I’ve long believed that yoga could safely help build bones, as has my teacher, Gary Kraftsow. It makes sense. After all, yoga is a low impact, weight-bearing exercise that strengthens the muscles supporting the spine, wrist, and hip, which are at particularly high fracture risk in individuals with osteoporosis.  Anecdotally, I also know that my own bone density increased from moderate osteoporosis and osteopenia (depending on the bone) to “low normal.” The increases began after I started practicing yoga–in spite of the fact that the doctor took me off of bone-building medication.

Finally, we have some research that backs us up.

The ten-year study done by Dr. Loren M. Fishman—a physiatrist at Columbia University who specializes in rehabilitative medicine—involved Iyengar postures, but I have every reason to believe Viniyoga (which uses repetition as well as “staying” in poses to build strength) would have results that are as good, if not better.

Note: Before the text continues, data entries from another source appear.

Lemma card_sumset_F2iso (G G' : zmodType) (A : {fset G}) (B : {fset G'}) :
  F2iso A B -> #|` sumset A| = #|` sumset B|.
Proof.
case=> phi [_ [<- hphi]].
have -> : sumset (phi @` A) = [fset phi p.1 + phi p.2 | p in A `*` A].
  rewrite sumsetE; apply/fsetP => s; apply/imfsetP/imfsetP => /=.
    case=> -[a b]; rewrite in_fsetM => /andP[/imfsetP[x hx ->] /imfsetP[y hy ->]] ->.
    by exists (x, y); rewrite ?in_fsetM /= ?hx.
  by case=> -[x y]; rewrite in_fsetM /= => /andP[hx hy] ->; exists (phi x, phi y);
    rewrite ?in_fsetM /= ?in_imfset.
rewrite sumsetE; apply: card_imfset_kernel => -[x y] [z t].
by rewrite !in_fsetM => /andP[hx hy] /andP[hz ht]; apply: hphi.
Qed.

Lemma is_dim_F2iso (G G' : zmodType) (A : {fset G}) (A' : {fset G'}) d :
  F2iso A A' -> is_dim A d -> is_dim A' d.
Proof.
move=> iso [[B [nB iB]] hd]; split.
  by exists B; split => //; apply: F2iso_trans iB; apply: F2iso_sym.
by move=> d' B' nB' iB'; apply: (hd d' B') => //; apply: F2iso_trans iB'.
Qed.

Lemma is_vol_F2iso (G G' : zmodType) (A : {fset G}) (A' : {fset G'}) v :
  F2iso A A' -> is_vol A v -> is_vol A' v.
Proof.
move=> iso [d [hd [[B [iB cB]] hv]]]; exists d; split; first exact: is_dim_F2iso hd.
split; first by exists B; split => //; apply: F2iso_trans iB; apply: F2iso_sym.
by move=> B' n iB' cB'; apply: (hv B' n) => //; apply: F2iso_trans iB'.
Qed.

Lemma is_dim_unique (G : zmodType) (A : {fset G}) d d' :
  is_dim A d -> is_dim A d' -> d = d'.
Proof.
move=> [[B [nB iB]] hB] [[B' [nB' iB']] hB'].
by apply/eqP; rewrite eqn_leq (hB' _ B) // (hB _ B').
Qed.

Lemma is_vol_unique (G : zmodType) (A : {fset G}) v v' :
  is_vol A v -> is_vol A v' -> v = v'.
Proof.
move=> [d [hd [[B [iB cB]] hv]]] [d' [hd' [[B' [iB' cB']] hv']]].
move: B' iB' cB' hv'; rewrite -(is_dim_unique hd hd') => B' iB' cB' hv'.
by apply/eqP; rewrite eqn_leq (hv B' v') // (hv' B v).
Qed.

Lemma extremal_F2iso (A A' : {fset int}) : F2iso A A' -> extremal A -> extremal A'.
Proof.
move=> iso [d [v [hd hv]]]; rewrite (card_F2iso iso) (card_sumset_F2iso iso) => hmax.
by exists d, v; split; [apply: is_dim_F2iso hd | apply: is_vol_F2iso hv |].
Qed.

Definition segment (a : int) (n : nat) : {fset int} := [fset a + i%:Z | i in iota 0 n].

Lemma in_segment a n x : (x \in segment a n) = (a <= x < a + n%:Z).
Proof.
apply/imfsetP/idP => /= [[i]|hx]; first by rewrite mem_iota => /andP[_ hi] ->; lia.
by exists (absz (x - a)); rewrite ?mem_iota; lia.
Qed.

Lemma card_segment a n : #|` segment a n| = n.
Proof.
rewrite card_in_imfset /=; first by rewrite undup_id ?iota_uniq // size_iota.
by move=> i j _ _ /=; lia.
Qed.

Definition twoseg (k1 g k2 : nat) : {fset int} := segment 0 k1 `|` segment (k1 + g)%:Z k2.

Lemma in_twoseg k1 g k2 x :
  (x \in twoseg k1 g k2) = (0 <= x < k1%:Z) || ((k1 + g)%:Z <= x < (k1 + g + k2)%:Z).
Proof. by rewrite in_fsetU !in_segment; apply/idP/idP; lia. Qed.

Lemma card_fsetU_disjoint (T : choiceType) (A B : {fset T}) :
  [disjoint A & B] -> #|` A `|` B| = (#|` A| + #|` B|)%N.
Proof. by move=> AB; apply/eqP; rewrite (leq_card_fsetU A B).2. Qed.

Lemma card_twoseg k1 g k2 : (1 <= g)%N -> #|` twoseg k1 g k2| = (k1 + k2)%N.
Proof.
move=> g_gt0; rewrite card_fsetU_disjoint ?card_segment //.
by apply/fdisjointP => x; rewrite !in_segment; lia.
Qed.

Definition F2iso_on (G G' : zmodType) (A : {fset G}) (phi : G -> G') : Prop :=
  forall x y z t, x \in A -> y \in A -> z \in A -> t \in A ->
    (x + y == z + t) = (phi x + phi y == phi z + phi t).

Definition F2hom (G G' : zmodType) (A : {fset G}) (phi : G -> G') : Prop :=
  forall x y z t, x \in A -> y \in A -> z \in A -> t \in A ->
    x + y = z + t -> phi x + phi y = phi z + phi t.
Lemma cvg0_mul_bounded u v (M : R) :
  (forall k, `|u k| <= M) -> v @ \oo --> (0 : R) ->
  (fun k => u k * v k) @ \oo --> (0 : R).
Proof.
move=> u_le v0; apply/norm_cvg0P.
apply: (@squeeze_cvgr _ _ _ _ (fun _ => 0) (fun k => M * `|v k|)).
- by apply: nearW => k; rewrite normr_ge0 normrM ler_wpM2r.
- exact: cvg_cst.
- by rewrite -(mulr0 M); apply: cvgMl_tmp; apply/norm_cvg0P.
Qed.

Lemma cvg0_divr_lbounded u v (c : R) :
  0 < c -> (forall k, c <= v k) -> u @ \oo --> (0 : R) ->
  (fun k => u k / v k) @ \oo --> (0 : R).
Proof.
move=> c_gt0 c_le u0.
have v_gt0 k : 0 < v k by apply: lt_le_trans (c_le k).
have -> : (fun k => u k / v k) = (fun k => c / v k * (u k / c)).
  by apply/funext => k; field; rewrite !gt_eqF.
apply: (cvg0_mul_bounded (M := 1)).
  move=> k; have v_gt0k := v_gt0 k.
  by rewrite ger0_norm ?divr_ge0 ?(ltW c_gt0) ?(ltW v_gt0k) // ler_pdivrMr ?mul1r.
by move/(cvgMr_tmp (b := c^-1)): u0; rewrite mul0r.
Qed.

Lemma cvg_prod_diff0 (T : eqType) (l : seq T) (g h : nat -> T -> R) :
  (forall e, e \in l -> forall k, `|h k e| <= 1) ->
  (forall e, e \in l -> (fun k => g k e - h k e) @ \oo --> (0 : R)) ->
  (fun k => \prod_(e <- l) g k e - \prod_(e <- l) h k e) @ \oo --> (0 : R).
Proof.
elim: l => [|e l IH] h_le1 gh0.
  by under eq_fun do rewrite !big_nil subrr; apply: cvg_cst.
have [he hl] : e \in e :: l /\ {subset l <= e :: l}.
  by split=> [|e' e'l]; rewrite inE ?eqxx ?e'l ?orbT.
set D := fun k => \prod_(e0 <- l) g k e0 - \prod_(e0 <- l) h k e0.
have D0 : D @ \oo --> (0 : R).
  by apply: IH => e' /hl; [apply: h_le1 | apply: gh0].
have -> : (fun k => \prod_(e0 <- e :: l) g k e0 - \prod_(e0 <- e :: l) h k e0) =
    (fun k => h k e * D k + (g k e - h k e) * D k +
              \prod_(e0 <- l) h k e0 * (g k e - h k e)).
  by apply/funext => k; rewrite !big_cons /D; ring.
rewrite -[0 : R]addr0 -{1}[0 : R]addr0.
apply: cvgD; [apply: cvgD | ].
- exact: cvg0_mul_bounded (h_le1 e he) D0.
- by rewrite -(mulr0 0); apply: cvgM; [apply: gh0 | ].
- apply: (cvg0_mul_bounded (M := 1)) (gh0 e he) => k.
  by rewrite normr_prod big_seq prodr_ile1 // => e' /hl/h_le1 ->; rewrite normr_ge0.
Qed.

Lemma cvg_balanced_normalized (I : finType) (P : pred I) (Z : nat -> R)
    (a B T : nat -> I -> R) x :
  P x -> (forall k, Z k != 0) -> (forall k y, P y -> 0 < a k y) ->
  (forall k y, P y -> Z k * T k y = a k y * B k y) ->
  (forall k, \sum_(y | P y) T k y = 1) ->
  (forall y, P y -> B^~ y @ \oo --> (1 : R)) ->
  (fun k => T k x - a k x / \sum_(y | P y) a k y) @ \oo --> (0 : R).
Proof.
move=> Px Z_neq0 a_gt0 balance T_sum1 B1.
pose A k := \sum_(y | P y) a k y.
pose w k y := a k y / A k.
pose D k := \sum_(y | P y) w k y * B k y.
have A_gt0 k : 0 < A k.
  rewrite /A (bigD1 x) //= ltr_pwDl ?a_gt0 ?sumr_ge0 // => y /andP[Py _].
  exact/ltW/a_gt0.
have w_le1 k y : P y -> `|w k y| <= 1.
  move=> Py; have a_le_A : a k y <= A k.
    rewrite /A (bigD1 y) //= lerDl sumr_ge0 // => z /andP[Pz _]; exact/ltW/a_gt0.
  rewrite ger0_norm ?divr_ge0 ?(ltW (a_gt0 k y Py)) ?(ltW (A_gt0 k)) //.
  by rewrite ler_pdivrMr ?mul1r.
have ZE k : Z k = A k * D k.
  rewrite -[Z k]mulr1 -(T_sum1 k) !mulr_sumr; apply: eq_bigr => y Py.
  by rewrite balance // /w mulrA mulrCA divff ?mulr1 // gt_eqF.
have TE k : T k x - w k x = w k x * (B k x / D k - 1).
  have D_neq0 : D k != 0 by apply: contra (Z_neq0 k); rewrite ZE => /eqP->; rewrite mulr0.
  have A_neq0 : A k != 0 by rewrite gt_eqF.
  have -> : T k x = a k x * B k x / Z k.
    by rewrite -balance // mulrC mulrA mulVf ?mul1r.
  by rewrite ZE /w; field; rewrite A_neq0 D_neq0.
have D1 : D @ \oo --> (1 : R).
  have w_sum1 k : \sum_(y | P y) w k y = 1.
    by rewrite /w -mulr_suml divff //; apply: lt0r_neq0 (A_gt0 k).
  apply/subr_cvg0.
  have -> : (fun k => D k - 1) = (fun k => \sum_(y | P y) w k y * (B k y - 1)).
    apply/funext => k; rewrite /D -[in X in _ - X](w_sum1 k) -sumrB.
    by apply: eq_bigr => y _; rewrite mulrBr mulr1.
  apply: cvg_sumr0 => y Py.
  exact: (cvg0_mul_bounded (fun k => w_le1 k y Py) (proj2 (subr_cvg0 _ _) (B1 y Py))).
have ratio1 : (fun k => B k x / D k) @ \oo --> (1 : R).
  by rewrite -[1 : R]divr1; apply: cvgM; [apply: B1 | apply: cvgV; rewrite ?oner_neq0].
rewrite (funext TE).
exact: (cvg0_mul_bounded (fun k => w_le1 k x Px) (proj2 (subr_cvg0 _ _) ratio1)).
Qed.
(* Let $K \le L$ be positive integers, $N = L+K$, and let $\mathbf{P}_d \in \mathbb{C}^{L\times K}$ be an arbitrary (fully digital) beamforming matrix with singular value decomposition $\mathbf{P}_d = \mathbf{U}\mathbf{S}\mathbf{V}^\mathsf{H}$, where $\mathbf{U} = [\mathbf{U}_1, \mathbf{U}_2] \in \mathbb{C}^{L\times L}$ is unitary with $\mathbf{U}_1 \in \mathbb{C}^{L\times K}$, $\mathbf{U}_2 \in \mathbb{C}^{L\times (L-K)}$, $\mathbf{S} \in \mathbb{R}^{L\times K}$ is a rectangular diagonal matrix with nonnegative diagonal entries $s_1,\dots,s_K$, and $\mathbf{V}\in\mathbb{C}^{K\times K}$ is unitary. Define $$\boldsymbol\Theta^\star = \begin{bmatrix} \mathbf{0}_{K\times K} & \mathbf{V}^* \\ \mathbf{V}^\mathsf{H} & \mathbf{0}_{K\times K}\end{bmatrix}\in\mathbb{C}^{2K\times 2K},\qquad \boldsymbol\Phi^\star = \begin{bmatrix} \mathbf{0}_{K\times K} & \mathbf{U}_1^\mathsf{T} \\ \mathbf{U}_1 & -\mathbf{U}_2\mathbf{U}_2^\mathsf{T}\end{bmatrix}\in\mathbb{C}^{N\times N},$$ and $(\mathbf{P}^\star)^{1/2} = 4\,\operatorname{diag}(s_1,\dots,s_K)\in\mathbb{R}^{K\times K}$. Then $\boldsymbol\Theta^\star$ and $\boldsymbol\Phi^\star$ are feasible scattering matrices of lossless reciprocal MiLACs, i.e. $(\boldsymbol\Theta^\star)^\mathsf{H}\boldsymbol\Theta^\star = \mathbf{I}_{2K}$, $\boldsymbol\Theta^\star = (\boldsymbol\Theta^\star)^\mathsf{T}$, $(\boldsymbol\Phi^\star)^\mathsf{H}\boldsymbol\Phi^\star = \mathbf{I}_{N}$, $\boldsymbol\Phi^\star = (\boldsymbol\Phi^\star)^\mathsf{T}$; the corresponding analog beamformers are $$\mathbf{F}^\star = \tfrac12[\boldsymbol\Theta^\star]_{K+1:2K,\,1:K} = \tfrac12\mathbf{V}^\mathsf{H},\qquad \mathbf{W}^\star = \tfrac12[\boldsymbol\Phi^\star]_{K+1:N,\,1:K} = \tfrac12\mathbf{U}_1;$$ and the effective two-layer MiLAC beamforming matrix satisfies $\mathbf{G} := \mathbf{W}^\star(\mathbf{P}^\star)^{1/2}\mathbf{F}^\star = \mathbf{P}_d$. Hence the two-layer MiLAC architecture can exactly realize any fully digital beamformer.
   Context: Setting: a base station with $L$ antennas serves $K$ single-antenna users. In the two-layer MiLAC (microwave linear analog computer) transmitter, the symbol vector $\mathbf{s}\in\mathbb{C}^K$ is mapped to the transmit signal $\mathbf{x} = \mathbf{W}\mathbf{P}^{1/2}\mathbf{F}\mathbf{s}$, where: MiLAC 1 is a $2K$-port lossless reciprocal microwave network with scattering matrix $\boldsymbol\Theta\in\mathbb{C}^{2K\times 2K}$ and analog beamformer $\mathbf{F} = \tfrac12[\boldsymbol\Theta]_{K+1:2K,1:K}$ (rows $K+1$ to $2K$, columns $1$ to $K$); MiLAC 2 is an $N=(L+K)$-port lossless reciprocal network with scattering matrix $\boldsymbol\Phi\in\mathbb{C}^{N\times N}$ and analog beamformer $\mathbf{W} = \tfrac12[\boldsymbol\Phi]_{K+1:N,1:K}$; and $\mathbf{P}^{1/2} = \operatorname{diag}(\sqrt{p_1},\dots,\sqrt{p_K})$ is the diagonal amplifier power-allocation matrix. Losslessness and reciprocity mean the scattering matrices are unitary and symmetric: $\boldsymbol\Theta^\mathsf{H}\boldsymbol\Theta = \mathbf{I}$, $\boldsymbol\Theta = \boldsymbol\Theta^\mathsf{T}$, and likewise for $\boldsymbol\Phi$. $(\cdot)^*$ is entrywise complex conjugate, $(\cdot)^\mathsf{T}$ transpose, $(\cdot)^\mathsf{H}$ conjugate transpose. *)

From mathcomp Require Import all_boot all_order all_algebra.
Set Implicit Arguments. Unset Strict Implicit. Unset Printing Implicit Defensive.
Import Order.TTheory GRing.Theory Num.Theory.
Local Open Scope ring_scope.

(* Complex numbers: an arbitrary numClosedFieldType C (e.g. algC), with
   complex conjugation conjC ( x^* ). *)

Definition mxconj (C : numClosedFieldType) m n (A : 'M[C]_(m, n)) : 'M[C]_(m, n) :=
  map_mx (@Num.conj C) A.

Definition mxH (C : numClosedFieldType) m n (A : 'M[C]_(m, n)) : 'M[C]_(n, m) :=
  (mxconj A)^T.

Definition unitary_mx (C : numClosedFieldType) m n (A : 'M[C]_(m, n)) : Prop :=
  mxH A *m A = 1%:M /\ A *m mxH A = 1%:M.

Definition lossless_reciprocal (C : numClosedFieldType) n (A : 'M[C]_n) : Prop :=
  mxH A *m A = 1%:M /\ A = A^T.

Definition milacF (C : numClosedFieldType) K (Theta : 'M[C]_(K + K)) : 'M[C]_(K, K) :=
  2^-1 *: dlsubmx Theta.

Definition milacW (C : numClosedFieldType) K L (Phi : 'M[C]_(K + L)) : 'M[C]_(L, K) :=
  2^-1 *: dlsubmx Phi.

From mathcomp Require Import all_boot all_order all_algebra.
Import Order.TTheory GRing.Theory Num.Theory.
Local Open Scope ring_scope.

(* Both scattering matrices have the shape [[0, A^T], [A, D]] with A an
   isometry and D symmetric: such a matrix is symmetric by construction, and it
   is unitary as soon as D is orthogonal to the columns of A and fills up the
   complementary part of the identity.  For Theta take A = V^H, D = 0; for Phi
   take A = U1, D = -U2 U2^T, using the unitarity of [U1, U2].  The off-diagonal
   blocks then read off F = V^H / 2 and W = U1 / 2, and the factors 1/2, 4, 1/2
   cancel, so W P^{1/2} F = U1 diag(s) V^H, which is the reduced SVD of Pd. *)

Section ConjugateTranspose.
Variable C : numClosedFieldType.

Lemma mxconjK m n (A : 'M[C]_(m, n)) : mxconj (mxconj A) = A.
Proof. by apply/matrixP=> i j; rewrite !mxE conjCK. Qed.

Lemma mxconjM m n p (A : 'M[C]_(m, n)) (B : 'M[C]_(n, p)) :
  mxconj (A *m B) = mxconj A *m mxconj B.
Proof. exact: map_mxM. Qed.

Lemma mxconjD m n (A B : 'M[C]_(m, n)) : mxconj (A + B) = mxconj A + mxconj B.
Proof. exact: map_mxD. Qed.

Lemma mxconj1 n : mxconj (1%:M : 'M[C]_n) = 1%:M.
Proof. exact: map_mx1. Qed.

Lemma mxconjT m n (A : 'M[C]_(m, n)) : mxconj A^T = (mxconj A)^T.
Proof. by rewrite /mxconj map_trmx. Qed.

Lemma mxconjH m n (A : 'M[C]_(m, n)) : mxconj (mxH A) = A^T.
Proof. by rewrite /mxH mxconjT mxconjK. Qed.

Lemma trmx_mxH m n (A : 'M[C]_(m, n)) : (mxH A)^T = mxconj A.
Proof. exact: trmxK. Qed.

Lemma mxHM m n p (A : 'M[C]_(m, n)) (B : 'M[C]_(n, p)) :
  mxH (A *m B) = mxH B *m mxH A.
Proof. by rewrite /mxH mxconjM trmx_mul. Qed.

Lemma mxHK m n (A : 'M[C]_(m, n)) : mxH (mxH A) = A.
Proof. by rewrite /mxH mxconjT mxconjK trmxK. Qed.

Lemma mxHT m n (A : 'M[C]_(m, n)) : mxH A^T = mxconj A.
Proof. by rewrite /mxH mxconjT trmxK. Qed.

Lemma mxH0 m n : mxH (0 : 'M[C]_(m, n)) = 0.
Proof. by rewrite /mxH /mxconj map_mx0 trmx0. Qed.

Lemma mxHN m n (A : 'M[C]_(m, n)) : mxH (- A) = - mxH A.
Proof. by rewrite /mxH /mxconj map_mxN linearN. Qed.

Lemma mxH_row_mx m n1 n2 (A : 'M[C]_(m, n1)) (B : 'M[C]_(m, n2)) :
  mxH (row_mx A B) = col_mx (mxH A) (mxH B).
Proof. by rewrite /mxH /mxconj map_row_mx tr_row_mx. Qed.

Lemma mxH_block_mx m1 m2 n1 n2 (A : 'M[C]_(m1, n1)) (B : 'M[C]_(m1, n2))
    (D : 'M[C]_(m2, n1)) (E : 'M[C]_(m2, n2)) :
  mxH (block_mx A B D E) = block_mx (mxH A) (mxH D) (mxH B) (mxH E).
Proof. by rewrite /mxH /mxconj map_block_mx tr_block_mx. Qed.

End ConjugateTranspose.

Lemma rect_diag_mx (R : pzRingType) m n (s : 'I_m -> R) :
  \matrix_(i < m + n, j < m) (if (i : nat) == j then s j else 0)
  = col_mx (diag_mx (\row_j s j)) 0.
Proof.
apply/matrixP=> i j; case: (split_ordP i) => k hk; rewrite hk mxE.
  rewrite col_mxEu !mxE -[_ == _]/(k == j).
  by case: eqVneq => [->|_]; rewrite ?mulr1n ?mulr0n.
by rewrite col_mxEd mxE gtn_eqF // ltn_addr.
Qed.

Section LosslessReciprocal.
Variable C : numClosedFieldType.

Lemma unitary_row_mx m n1 n2 (A : 'M[C]_(m, n1)) (B : 'M[C]_(m, n2)) :
  unitary_mx (row_mx A B) ->
  [/\ mxH A *m A = 1%:M, mxH A *m B = 0, mxH B *m B = 1%:M
    & A *m mxH A + B *m mxH B = 1%:M].
Proof.
case; rewrite mxH_row_mx mul_col_row mul_row_col scalar_mx_block.
by case/eq_block_mx=> hAA hAB _ hBB hsum.
Qed.

Lemma lossless_reciprocal_block m n (A : 'M[C]_(m, n)) (D : 'M[C]_m) :
  mxH A *m A = 1%:M -> mxH A *m D = 0 ->
  mxconj A *m A^T + mxH D *m D = 1%:M -> D^T = D ->
  lossless_reciprocal (block_mx 0 A^T A D).
Proof.
move=> hAA hAD hsum hDsym; split; last first.
  by rewrite tr_block_mx !trmx0 trmxK hDsym.
have hDA : mxH D *m A = 0 by rewrite -[A]mxHK -mxHM hAD mxH0.
rewrite mxH_block_mx mxH0 mxHT mulmx_block !mul0mx !mulmx0 !add0r hAA hAD hDA.
by rewrite hsum scalar_mx_block.
Qed.

Lemma unitary_lossless_reciprocal n (V : 'M[C]_n) :
  unitary_mx V -> lossless_reciprocal (block_mx 0 (mxconj V) (mxH V) 0).
Proof.
case=> hVV hVV'; rewrite -trmx_mxH.
apply: lossless_reciprocal_block; rewrite ?mxHK ?mulmx0 ?trmx0 //.
by rewrite trmx_mxH addr0 -mxconjM hVV mxconj1.
Qed.

Lemma row_unitary_lossless_reciprocal m n1 n2
    (A : 'M[C]_(m, n1)) (B : 'M[C]_(m, n2)) :
  unitary_mx (row_mx A B) ->
  lossless_reciprocal (block_mx 0 A^T A (- (B *m B^T))).
Proof.
case/unitary_row_mx=> hAA hAB hBB hsum.
apply: lossless_reciprocal_block => //.
- by rewrite mulmxN mulmxA hAB mul0mx oppr0.
- have hDD : mxH (- (B *m B^T)) *m - (B *m B^T) = mxconj B *m B^T.
    rewrite mxHN mxHM mxHT mulNmx mulmxN opprK -mulmxA (mulmxA (mxH B)).
    by rewrite hBB mul1mx.
  by rewrite hDD -!mxconjH -!mxconjM -mxconjD hsum mxconj1.
- by rewrite linearN /= trmx_mul trmxK.
Qed.

End LosslessReciprocal.

Theorem theorem1 (C : numClosedFieldType) (K L : nat)
  (hK : (0 < K)%N) (hKL : (K <= L)%N)
  (Pd : 'M[C]_(L, K))
  (U1 : 'M[C]_(L, K)) (U2 : 'M[C]_(L, L - K))
  (s : 'I_K -> C) (V : 'M[C]_K)
  (hU : unitary_mx (row_mx U1 U2))
  (hV : unitary_mx V)
  (hs : forall i, 0 <= s i)
  (hsvd : Pd = row_mx U1 U2
               *m (\matrix_(i < K + (L - K), j < K) (if (i : nat) == j then s j else 0))
               *m mxH V) :
  let Theta : 'M[C]_(K + K) := block_mx 0 (mxconj V) (mxH V) 0 in
  let Phi : 'M[C]_(K + L) := block_mx 0 U1^T U1 (- (U2 *m U2^T)) in
  let Phalf : 'M[C]_K := 4 *: diag_mx (\row_i s i) in
  [/\ lossless_reciprocal Theta,
      lossless_reciprocal Phi,
      milacF Theta = 2^-1 *: mxH V,
      milacW Phi = 2^-1 *: U1
    & milacW Phi *m Phalf *m milacF Theta = Pd].
Proof.
move=> Theta Phi Phalf.
have hF : milacF Theta = 2^-1 *: mxH V by rewrite /milacF block_mxKdl.
have hW : milacW Phi = 2^-1 *: U1 by rewrite /milacW block_mxKdl.
split=> //; first exact: unitary_lossless_reciprocal.
  exact: row_unitary_lossless_reciprocal.
rewrite hF hW /Phalf hsvd rect_diag_mx mul_row_col mulmx0 addr0.
have half_four_half : (2^-1 * 4 / 2 : C) = 1.
  by rewrite mulrAC -invfM -natrM mulVf // pnatr_eq0.
by rewrite -!scalemxAr -!scalemxAl !scalerA half_four_half scale1r.
Qed.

Study practitioners performed yoga poses for twelve minutes every day (or at least every other day) for ten years. The time period is important:  Bone density builds slowly. It can take years to find measurable change. According to a December 21 New York Times article:

“The findings, as reported last month in Topics of Geriatric Rehabilitation, showed improved bone density in the spine and femur of the 227 participants who were moderately or fully compliant with the assigned yoga exercises.

Improvements were seen in bone density in the hip as well, but they were not statistically significant.”

Even more encouraging, there were no fractures or significant injuries among any of the participants in the study—indicating that yoga is a safe activity even for older individuals with significant bone loss. And unlike bone-building drugs, which come with a host of gastrointestinal and other side effects, yoga gives increased strength, better posture and improved mental health.

Go forth and practice! Your body, breath, mind, and bones will thank you!